§ **Provided records**
(* Let $\{P_t\}_{t\geq 0}$ be a Markov--Feller semigroup on a Polish space $\mathcal{X}$. If $\{P_t\}_{t\geq 0}$ is asymptotically stable, then it is eventually continuous at every point of $\mathcal{X}$. Similarly, if $\{P_t\}_{t\geq 0}$ is weakly-* mean ergodic, then it is Ces\`aro eventually continuous at every point of $\mathcal{X}$.
   Context: $(\mathcal{X},\rho)$ is a Polish space, $\mathcal{P}(\mathcal{X})$ the Borel probability measures. A Markov--Feller semigroup $\{P_t\}_{t\ge0}$ is a semigroup of mass-preserving positively linear operators on finite Borel measures, each with a dual linear operator on bounded Borel functions ($\langle f,P_t\mu\rangle=\langle P_tf,\mu\rangle$) preserving bounded continuous functions. For $t>0$: $Q_tf=\frac1t\int_0^tP_sf\,ds$, $Q_t\mu=\frac1t\int_0^tP_s\mu\,ds$. Asymptotically stable: unique invariant probability $\mu_*$ with $P_t\mu\to\mu_*$ weakly for all $\mu\in\mathcal{P}(\mathcal{X})$. Weakly-* mean ergodic: unique invariant probability $\mu_*$ with $Q_t\mu\to\mu_*$ weakly for all $\mu\in\mathcal{P}(\mathcal{X})$. Eventually continuous at $z$: for every bounded Lipschitz $f$, $\limsup_{x\to z}\limsup_{t\to\infty}|P_tf(x)-P_tf(z)|=0$; Ces\`aro eventually continuous: the same with $Q_t$ in place of $P_t$. *)

From HB Require Import structures.
From mathcomp Require Import all_boot all_order all_algebra.
From mathcomp Require Import all_classical all_reals all_analysis.
Import Order.TTheory GRing.Theory Num.Theory.
Import numFieldNormedType.Exports.
Set Implicit Arguments.
Unset Strict Implicit.
Unset Printing Implicit Defensive.
Local Open Scope classical_set_scope.
Local Open Scope ring_scope.

(* metric spaces with a distinguished point (needed by the library's
   generated-sigma-algebra construction; harmless: for an empty space the
   theorem is vacuous) *)
#[short(type="pmetricType")]
HB.structure Definition PointedMetric (K : numDomainType) :=
  { M of Metric K M & Pointed M }.

Definition polish_space (R : realType) (X : pmetricType R) : Prop :=
  (forall u : nat -> X,
     (forall e : R, 0 < e -> exists N : nat, forall m n : nat,
        (N <= m)%N -> (N <= n)%N -> mdist (u m) (u n) < e) ->
     exists l : X, u n @[n --> \oo] --> l) /\
  (exists D : set X, countable D /\ dense D).

Notation borel X := (g_sigma_algebraType (@open X)).

Notation fmeas R X := {finite_measure set (borel X) -> \bar R}.

Section Defs.
Context {R : realType} {X : pmetricType R}.

Definition bounded_fun (f : X -> R) : Prop := exists M : R, forall x, `|f x| <= M.

Definition bborel (f : X -> R) : Prop :=
  bounded_fun f /\ measurable_fun setT (f : borel X -> R).

Definition bcont (f : X -> R) : Prop := bounded_fun f /\ continuous f.

Definition blip (f : X -> R) : Prop :=
  bounded_fun f /\ exists L : R, forall x y, `|f x - f y| <= L * mdist x y.

Definition mpair (f : X -> R) (mu : fmeas R X) : R := Rintegral mu setT f.

Definition is_prob (mu : fmeas R X) : Prop := mu setT = 1%E.

(* {P_t} acting on finite measures (Pm) together with its dual operators
   on bounded Borel functions (Pf) form a Markov--Feller semigroup. *)
Definition markov_feller (Pm : R -> fmeas R X -> fmeas R X)
  (Pf : R -> (X -> R) -> X -> R) : Prop :=
  [/\
      (forall t mu, 0 <= t -> Pm t mu setT = mu setT),
      (forall t (mu nu lam : fmeas R X), 0 <= t ->
         (forall A, measurable A -> lam A = (mu A + nu A)%E) ->
         forall A, measurable A -> Pm t lam A = (Pm t mu A + Pm t nu A)%E) /\
      (forall t (c : R) (mu lam : fmeas R X), 0 <= t -> 0 <= c ->
         (forall A, measurable A -> lam A = (c%:E * mu A)%E) ->
         forall A, measurable A -> Pm t lam A = (c%:E * Pm t mu A)%E),
      (forall mu A, measurable A -> Pm 0 mu A = mu A) /\
      (forall s t mu A, 0 <= s -> 0 <= t -> measurable A ->
         Pm (s + t) mu A = Pm s (Pm t mu) A),
      (forall t f, 0 <= t -> bborel f ->
         bborel (Pf t f) /\ forall mu, mpair f (Pm t mu) = mpair (Pf t f) mu) /\
      (forall t f g (a b : R), 0 <= t -> bborel f -> bborel g ->
         Pf t (fun x => a * f x + b * g x) = (fun x => a * Pf t f x + b * Pf t g x))
    &
      (forall t f, 0 <= t -> bcont f -> bcont (Pf t f)) ].

Definition invariant (Pm : R -> fmeas R X -> fmeas R X) (mu : fmeas R X) :=
  forall t, 0 <= t -> forall A, measurable A -> Pm t mu A = mu A.

(* weak convergence, as t -> +oo, of a family of finite measures given by
   its pairings with bounded continuous functions *)
Definition weak_cvg_pair (nuf : R -> (X -> R) -> R) (mu : fmeas R X) :=
  forall f, bcont f -> nuf t f @[t --> +oo] --> mpair f mu.

Definition cesaro (g : R -> R) (t : R) : R :=
  t^-1 * Rintegral (@lebesgue_measure R) `[0, t] g.

Definition Qf (Pf : R -> (X -> R) -> X -> R) (t : R) (f : X -> R) (x : X) : R :=
  cesaro (fun s => Pf s f x) t.

Definition Qpair (Pm : R -> fmeas R X -> fmeas R X) (mu : fmeas R X)
  (t : R) (f : X -> R) : R :=
  cesaro (fun s => mpair f (Pm s mu)) t.

Definition unique_invariant_prob (Pm : R -> fmeas R X -> fmeas R X)
  (mus : fmeas R X) : Prop :=
  [/\ is_prob mus, invariant Pm mus &
      forall nu, is_prob nu -> invariant Pm nu ->
        forall A, measurable A -> nu A = mus A].

Definition asymptotically_stable (Pm : R -> fmeas R X -> fmeas R X) : Prop :=
  exists mus, unique_invariant_prob Pm mus /\
    forall mu, is_prob mu -> weak_cvg_pair (fun t f => mpair f (Pm t mu)) mus.

Definition weakly_mean_ergodic (Pm : R -> fmeas R X -> fmeas R X) : Prop :=
  exists mus, unique_invariant_prob Pm mus /\
    forall mu, is_prob mu -> weak_cvg_pair (Qpair Pm mu) mus.

Definition ev_cont_op (T : R -> (X -> R) -> X -> R) (z : X) : Prop :=
  forall f, blip f ->
    limf_esup (fun x : X =>
       limf_esup (fun t : R => (`|T t f x - T t f z|)%:E) (pinfty_nbhs R))
     (nbhs z) = 0%E.

Definition eventually_continuous (Pf : R -> (X -> R) -> X -> R) (z : X) :=
  ev_cont_op Pf z.

Definition cesaro_eventually_continuous (Pf : R -> (X -> R) -> X -> R) (z : X) :=
  ev_cont_op (Qf Pf) z.

End Defs.

From HB Require Import structures.
From mathcomp Require Import all_boot all_order all_algebra.
From mathcomp Require Import all_classical all_reals all_analysis.
From mathcomp Require Import measurable_realfun.
Import Order.TTheory GRing.Theory Num.Theory.
Import numFieldNormedType.Exports.
Local Open Scope classical_set_scope.
Local Open Scope ring_scope.

(* Pairing with a Dirac mass turns the weak convergence of P_t delta_x (or of
   Q_t delta_x) to mu_* into the pointwise convergence of P_t f x (or Q_t f x)
   to <f, mu_*> for every bounded continuous f.  The limit does not depend on
   x, so |P_t f x - P_t f z| tends to 0 for every x and both limsups vanish. *)

Lemma limf_esup_cvg0 {R : realType} {T : choiceType} {Y : filteredType T}
    (F : set_system Y) {FF : ProperFilter F} (g : Y -> R) :
  g @ F --> 0 -> (forall x, 0 <= g x) -> limf_esup (fun x => (g x)%:E) F = 0%E.
Proof.
move=> g0 g_ge0; apply/eqP; rewrite eq_le limf_esup_ge0 ?andbT; last 2 first.
- exact: filter_not_empty.
- by move=> x; rewrite lee_fin.
apply/lee_addgt0Pr => e e0; rewrite add0e limf_esupE.
apply: ge_ereal_inf; exists (ereal_sup ((fun x => (g x)%:E) @` [set x | g x < e])).
  exists [set x | g x < e] => //.
  move/cvgrPdist_lt : g0 => /(_ e e0); apply: filterS => x /=.
  by rewrite sub0r normrN ger0_norm.
by apply: ge_ereal_sup => _ [x /= gxe <-]; rewrite lee_fin ltW.
Qed.

Section ContinuityCriteria.
Context {R : realType} {X : pmetricType R}.

Lemma continuous_borel_measurable (f : X -> R) :
  continuous f -> measurable_fun setT (f : borel X -> R).
Proof.
move=> cf; apply: (measurability _ (RGenOpens.measurableE R)).
move=> _ [_ [a [b ->]] <-]; rewrite setTI; apply: sub_gen_smallest.
by move/continuousP : cf; apply; exact: interval_open.
Qed.

Lemma bcont_bborel (f : X -> R) : bcont f -> bborel f.
Proof. by move=> [bf cf]; split => //; exact: continuous_borel_measurable. Qed.

Lemma blip_bcont (f : X -> R) : blip f -> bcont f.
Proof.
move=> [bf [L fL]]; split => // x; apply/cvgrPdist_lt => e e0.
have L1_gt0 : 0 < `|L| + 1 by rewrite ltr_wpDl.
near=> y.
have : ball x (e / (`|L| + 1)) y by near: y; apply: nbhsx_ballx; rewrite divr_gt0.
rewrite ballEmdist /= => xy_lt.
apply: (le_lt_trans (fL x y)); apply: (@le_lt_trans _ _ ((`|L| + 1) * mdist x y)).
  by rewrite ler_wpM2r ?mdist_ge0// (le_trans (ler_norm L)) ?lerDl.
by rewrite mulrC -ltr_pdivlMr.
Unshelve. all: by end_near. Qed.

Lemma ev_cont_op_cvg (T : R -> (X -> R) -> X -> R) (z : X) :
  (forall f, blip f -> exists l : R, forall x, T t f x @[t --> +oo] --> l) ->
  ev_cont_op T z.
Proof.
move=> T_cvg f /T_cvg[l Tl].
have limsup_t0 x :
    limf_esup (fun t => (`|T t f x - T t f z|)%:E) (pinfty_nbhs R) = 0%E.
  apply: limf_esup_cvg0 => //.
  by rewrite -(normr0 R) -(subrr l); apply: cvg_norm; exact: cvgB.
rewrite (funext limsup_t0).
by apply: (@limf_esup_cvg0 _ _ _ _ _ (fun=> 0)) => //; exact: cvg_cst.
Qed.

Lemma dirac_prob (x : X) : is_prob (\d_ (x : borel X)).
Proof. by rewrite /is_prob /= diracE mem_set. Qed.

Lemma mpair_dirac (f : X -> R) (x : X) :
  measurable_fun setT (f : borel X -> R) -> mpair f (\d_ (x : borel X)) = f x.
Proof.
move=> mf; rewrite /mpair /Rintegral integral_dirac//=; last exact/measurable_EFinP.
by rewrite indicE mem_set // mul1r.
Qed.

Variables (Pm : R -> fmeas R X -> fmeas R X) (Pf : R -> (X -> R) -> X -> R).
Hypothesis PmPf : markov_feller Pm Pf.

Lemma mpair_Pm_dirac (f : X -> R) (x : X) (t : R) : 0 <= t -> bborel f ->
  mpair f (Pm t (\d_ (x : borel X))) = Pf t f x.
Proof.
case: PmPf => _ _ _ [dual _] _ t_ge0 /(dual t f t_ge0)[[_ mPf] ->].
exact: mpair_dirac.
Qed.

Lemma Qpair_dirac (f : X -> R) (x : X) (t : R) : bborel f ->
  Qpair Pm (\d_ (x : borel X)) t f = Qf Pf t f x.
Proof.
move=> bf; rewrite /Qf /Qpair /cesaro; congr (_ * _); apply: eq_Rintegral => s.
by rewrite inE /= in_itv /= => /andP[s_ge0 _]; rewrite mpair_Pm_dirac.
Qed.

Lemma asymptotically_stable_eventually_continuous (z : X) :
  asymptotically_stable Pm -> eventually_continuous Pf z.
Proof.
move=> [mus [_ Pm_cvg]]; apply: ev_cont_op_cvg => f /blip_bcont cf.
exists (mpair f mus) => x; apply: cvg_trans (Pm_cvg _ (dirac_prob x) f cf).
apply: near_eq_cvg; near=> t.
by rewrite mpair_Pm_dirac//; exact: bcont_bborel.
Unshelve. all: by end_near. Qed.

Lemma weakly_mean_ergodic_cesaro_eventually_continuous (z : X) :
  weakly_mean_ergodic Pm -> cesaro_eventually_continuous Pf z.
Proof.
move=> [mus [_ Qm_cvg]]; apply: ev_cont_op_cvg => f /blip_bcont cf.
exists (mpair f mus) => x; apply: cvg_trans (Qm_cvg _ (dirac_prob x) f cf).
by apply: near_eq_cvg; near=> t; rewrite Qpair_dirac//; exact: bcont_bborel.
Unshelve. all: by end_near. Qed.

End ContinuityCriteria.

Theorem proposition2p11 (R : realType) (X : pmetricType R)
  (Pm : R -> fmeas R X -> fmeas R X) (Pf : R -> (X -> R) -> X -> R) :
  polish_space X -> markov_feller Pm Pf ->
  (asymptotically_stable Pm -> forall z : X, eventually_continuous Pf z) /\
  ((* measurability in time, needed for Q_t to be well defined *)
   (forall f, bcont f -> forall x : X,
      measurable_fun [set s : R | 0 <= s] (fun s => Pf s f x)) ->
   (forall mu f, is_prob mu -> bcont f ->
      measurable_fun [set s : R | 0 <= s] (fun s => mpair f (Pm s mu))) ->
   weakly_mean_ergodic Pm -> forall z : X, cesaro_eventually_continuous Pf z).
Proof.
move=> _ PmPf; split=> [stable z | _ _ ergodic z].
  exact: asymptotically_stable_eventually_continuous PmPf z stable.
exact: weakly_mean_ergodic_cesaro_eventually_continuous PmPf z ergodic.
Qed.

§ **What you are asked to do**
Considering only the material above, set down every line from the one with "Lemma asymptotically_stable_eventually_continuous (z" to the one with "(asymptotically_stable Pm ->", inclusive, exactly as written.

§ **Answer space**
Lemma asymptotically_stable_eventually_continuous (z : X) :
  asymptotically_stable Pm -> eventually_continuous Pf z.
Proof.
move=> [mus [_ Pm_cvg]]; apply: ev_cont_op_cvg => f /blip_bcont cf.
exists (mpair f mus) => x; apply: cvg_trans (Pm_cvg _ (dirac_prob x) f cf).
apply: near_eq_cvg; near=> t.
by rewrite mpair_Pm_dirac//; exact: bcont_bborel.
Unshelve. all: by end_near. Qed.

Lemma weakly_mean_ergodic_cesaro_eventually_continuous (z : X) :
  weakly_mean_ergodic Pm -> cesaro_eventually_continuous Pf z.
Proof.
move=> [mus [_ Qm_cvg]]; apply: ev_cont_op_cvg => f /blip_bcont cf.
exists (mpair f mus) => x; apply: cvg_trans (Qm_cvg _ (dirac_prob x) f cf).
by apply: near_eq_cvg; near=> t; rewrite Qpair_dirac//; exact: bcont_bborel.
Unshelve. all: by end_near. Qed.

End ContinuityCriteria.

Theorem proposition2p11 (R : realType) (X : pmetricType R)
  (Pm : R -> fmeas R X -> fmeas R X) (Pf : R -> (X -> R) -> X -> R) :
  polish_space X -> markov_feller Pm Pf ->
  (asymptotically_stable Pm -> forall z : X, eventually_continuous Pf z) /\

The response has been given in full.